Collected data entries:

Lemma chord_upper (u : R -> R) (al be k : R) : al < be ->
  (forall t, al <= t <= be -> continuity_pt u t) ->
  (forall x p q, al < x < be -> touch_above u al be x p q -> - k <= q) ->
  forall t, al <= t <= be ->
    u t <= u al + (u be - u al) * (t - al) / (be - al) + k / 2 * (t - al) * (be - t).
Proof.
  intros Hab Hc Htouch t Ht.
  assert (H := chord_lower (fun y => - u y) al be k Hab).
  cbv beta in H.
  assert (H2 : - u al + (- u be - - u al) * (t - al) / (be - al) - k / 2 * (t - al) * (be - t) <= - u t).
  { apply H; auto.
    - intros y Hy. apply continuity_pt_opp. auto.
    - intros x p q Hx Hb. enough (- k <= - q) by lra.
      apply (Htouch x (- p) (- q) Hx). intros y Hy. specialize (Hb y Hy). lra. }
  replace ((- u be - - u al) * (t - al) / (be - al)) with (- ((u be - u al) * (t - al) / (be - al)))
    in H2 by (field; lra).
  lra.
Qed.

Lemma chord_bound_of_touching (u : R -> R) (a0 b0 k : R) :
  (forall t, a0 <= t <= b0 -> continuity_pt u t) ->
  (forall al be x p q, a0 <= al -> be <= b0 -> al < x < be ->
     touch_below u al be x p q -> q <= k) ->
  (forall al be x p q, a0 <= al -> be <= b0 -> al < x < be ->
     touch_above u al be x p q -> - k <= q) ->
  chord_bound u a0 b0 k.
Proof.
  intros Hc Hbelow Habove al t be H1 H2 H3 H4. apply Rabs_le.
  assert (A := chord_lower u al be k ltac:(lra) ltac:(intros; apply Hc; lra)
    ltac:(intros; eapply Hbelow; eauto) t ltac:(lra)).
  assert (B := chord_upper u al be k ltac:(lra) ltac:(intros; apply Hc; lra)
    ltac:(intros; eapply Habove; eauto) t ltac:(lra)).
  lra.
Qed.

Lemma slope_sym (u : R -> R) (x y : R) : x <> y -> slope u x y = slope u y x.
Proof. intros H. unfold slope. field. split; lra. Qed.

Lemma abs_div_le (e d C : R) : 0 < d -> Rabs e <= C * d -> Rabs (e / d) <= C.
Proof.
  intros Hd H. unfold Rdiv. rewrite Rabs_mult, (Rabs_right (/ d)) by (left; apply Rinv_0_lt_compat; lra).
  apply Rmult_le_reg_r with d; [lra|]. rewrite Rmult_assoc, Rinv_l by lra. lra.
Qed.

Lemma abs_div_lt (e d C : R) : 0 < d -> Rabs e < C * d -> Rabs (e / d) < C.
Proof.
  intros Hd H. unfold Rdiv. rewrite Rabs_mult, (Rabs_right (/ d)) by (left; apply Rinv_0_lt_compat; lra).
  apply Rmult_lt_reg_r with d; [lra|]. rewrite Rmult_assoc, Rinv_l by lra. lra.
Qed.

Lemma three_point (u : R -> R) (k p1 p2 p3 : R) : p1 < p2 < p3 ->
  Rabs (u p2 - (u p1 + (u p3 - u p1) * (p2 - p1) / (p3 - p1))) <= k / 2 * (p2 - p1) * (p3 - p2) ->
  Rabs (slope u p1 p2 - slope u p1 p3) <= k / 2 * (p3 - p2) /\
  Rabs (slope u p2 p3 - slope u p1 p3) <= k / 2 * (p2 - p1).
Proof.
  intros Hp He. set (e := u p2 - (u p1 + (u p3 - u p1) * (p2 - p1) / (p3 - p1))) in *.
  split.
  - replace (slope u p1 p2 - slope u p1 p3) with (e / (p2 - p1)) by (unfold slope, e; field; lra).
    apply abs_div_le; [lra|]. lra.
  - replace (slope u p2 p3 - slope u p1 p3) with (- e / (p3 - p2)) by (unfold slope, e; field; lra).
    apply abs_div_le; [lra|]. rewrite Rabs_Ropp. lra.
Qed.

Task instructions:
Among the lines above, list those that contain the word "eapply".

Output for this exercise:
    ltac:(intros; eapply Hbelow; eauto) t ltac:(lra)).
    ltac:(intros; eapply Habove; eauto) t ltac:(lra)).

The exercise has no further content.